Data Integrity, or, raid+cache+battery backup

In the last two weeks I've had two enquiries from customers about caching on their raid arrays. In both cases the customers said (words to the effect of) "we want to get the speed benefits from the array's cache, but we don't want to pay for battery backup." (or, "we don't want to replace the battery on our T3/6x20" ) In each case (and in any case like this) the answer is a resounding NO! Why do you think that Sun and other hardware raid vendors design in battery-backup? We worry about the availability and integrity of your data. You should too.

Thursday Apr 21, 2005

gpart saved my laptop

On Tuesday I bfu'd to the latest nightly build of Solaris next so I could take advantage of the boot re-architecture project integration. This went quite well except that I managed to corrupt my boot-archive through not paying attention at the right time and forgetting a step.... grrr. Once I'd fixed that problem (boot cdrom -s, mount -F ufs -o rw,logging /dev/dsk/c0d0s0 /mnt ; /mnt/sbin/bootadm update-archive -R /mnt ; sync ; umount /mnt ; reboot) I felt confident enough to go to the next stage, booting the competition's OS on my laptop.

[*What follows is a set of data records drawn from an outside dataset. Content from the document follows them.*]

Lemma num_branch_points_grid ps :
  branch_reps12 A l ps -> num_branch_points w1 w2 G (size ps).
Proof.
case/and3P => /allP reps_branch /allP reps_cover /allP reps_inj.
pose p (i : 'I_(size ps)) := pt (nth (0, 0) ps i).
apply: (num_branch_points_reps (p := p) hG GE latM (@latB _ _)).
- move=> i; have /andP [notL /fixed12P fix_i] := reps_branch _ (mem_nth (0, 0) (ltn_ord i)).
  by split=> // /(pt12_latP _ hb); apply/negP.
- move=> z notLz [e [Ee ne1 Lfix]].
  have [q grid_q Lzq] := lat_mul12_grid (lat_fixed_torsion (lat_rot Ee) (rot12 Ee) ne1 Lfix).
  have : branch12 A l q.
    apply/andP; split.
      apply/negP => /(pt12_latP _ hb) Lq; apply: notLz.
      by rewrite -(subrK (pt q) z); apply: latD.
    apply/fixed12P; exists e; split => //.
    have -> : (1 - e) * pt q = (1 - e) * z - ((1 - e) * (z - pt q)) by ring.
    by apply: latB => //; rewrite mulrBl mul1r; apply/latB/(lat_rot Ee).
  move=> /(implyP (reps_cover q grid_q)) /hasP [p' ps_p' /orbit12P [e' Ee' Lq]].
  have idx_lt : (index p' ps < size ps)%N by rewrite index_mem.
  exists (Ordinal idx_lt), e'; split => //.
  rewrite /p nth_index // -(subrK (pt q) z) -addrA.
  by apply: latD.
- move=> i j e Ee Lij.
  have iota_ord (k : 'I_(size ps)) : val k \in iota 0 (size ps) by rewrite mem_iota add0n ltn_ord.
  have /orbit12P : exists2 e, E e & Lat u1 u2 (p j - e * p i) by exists e.
  move/(implyP (allP (reps_inj i (iota_ord i)) j (iota_ord j))) => /eqP.
  exact: val_inj.
Qed.

End GridCount.

Lemma in_Aut0X (w1 w2 e : C) j : in_Aut0 w1 w2 e -> in_Aut0 w1 w2 (e ^+ j).
Proof.
move=> [[n [n0 en]] eL]; split.
  by exists n; split => //; rewrite -exprM mulnC exprM en expr1n.
elim: j => [|j IH].
  have -> : (fun z => e ^+ 0 * z) = id by apply: funext => z; rewrite expr0 mul1r.
  exact: image_id.
have -> : (fun z => e ^+ j.+1 * z) = (fun z => e ^+ j * z) \o (fun z => e * z).
  by apply: funext => z /=; rewrite exprSr mulrA.
by rewrite -image_comp eL IH.
Qed.

Definition rot_trans (e u1 u2 : C) : set (C * C) :=
  [set p | (exists j : nat, p.1 = e ^+ j) /\ Lat u1 u2 p.2].

Lemma rot_trans_subgroup (w1 w2 e u1 u2 : C) : in_Aut0 w1 w2 e ->
  Lat w1 w2 `<=` Lat u1 u2 -> Lat u1 u2 (e * u1) -> Lat u1 u2 (e * u2) ->
  is_aut_subgroup w1 w2 (rot_trans e u1 u2).
Proof.
move=> eA latM Le1 Le2; have LeX := lat_stableX (lat_stable Le1 Le2).
have [[n [n0 en]] _] := eA.
have eXV j : (e ^+ j)^-1 = e ^+ (j * n.-1).
  apply: mulr1_eq; rewrite -exprD -{1}(muln1 j) -mulnDr add1n prednK //.
  by rewrite mulnC exprM en expr1n.
split.
- by move=> _ _ [[j /= ->] _]; apply: in_Aut0X.
- move=> e' b b' [ej Lb] Lbb'; split => //=.
  by rewrite -(subrK b b'); apply: latD => //; apply: latM.
- by split; [exists 0%N|apply: lat0].
- move=> _ b1 _ b2 [[i /= ->] L1] [[j /= ->] L2]; split => /=.
    by exists (i + j)%N; rewrite exprD.
  by apply: latD => //; apply: LeX.
- move=> _ b [[j /= ->] Lb]; rewrite eXV; split; first by exists (j * n.-1)%N.
  by apply/latN/LeX.
Qed.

I figured I should boot it to see what it thought was going on. That was ok, but running partition magic was when things went downhill fast. PM decided that my partition table had errors, and would I like it to fix them? I was really stupid at this point, and clicked yes.

BAD mistake.

Not only could I not boot back to MS-Windows, but I was unable to boot Solaris either...

Fortunately my desktop Solaris box was unaffected, so with a bit of digging I was able to find the System Rescue CD iso, pull it down, burn it and boot from it. That was great, but sfdisk and cfdisk both told me I had a bodgy partition table (duh! I knew that already!) and refused to help. By this point I was getting quite frantic, and googled again and again, eventually coming up with a hit on gpart.

I am very pleased to say that gpart saved my laptop. It was included on the linux System Rescue CD as /usr/bin/gpart.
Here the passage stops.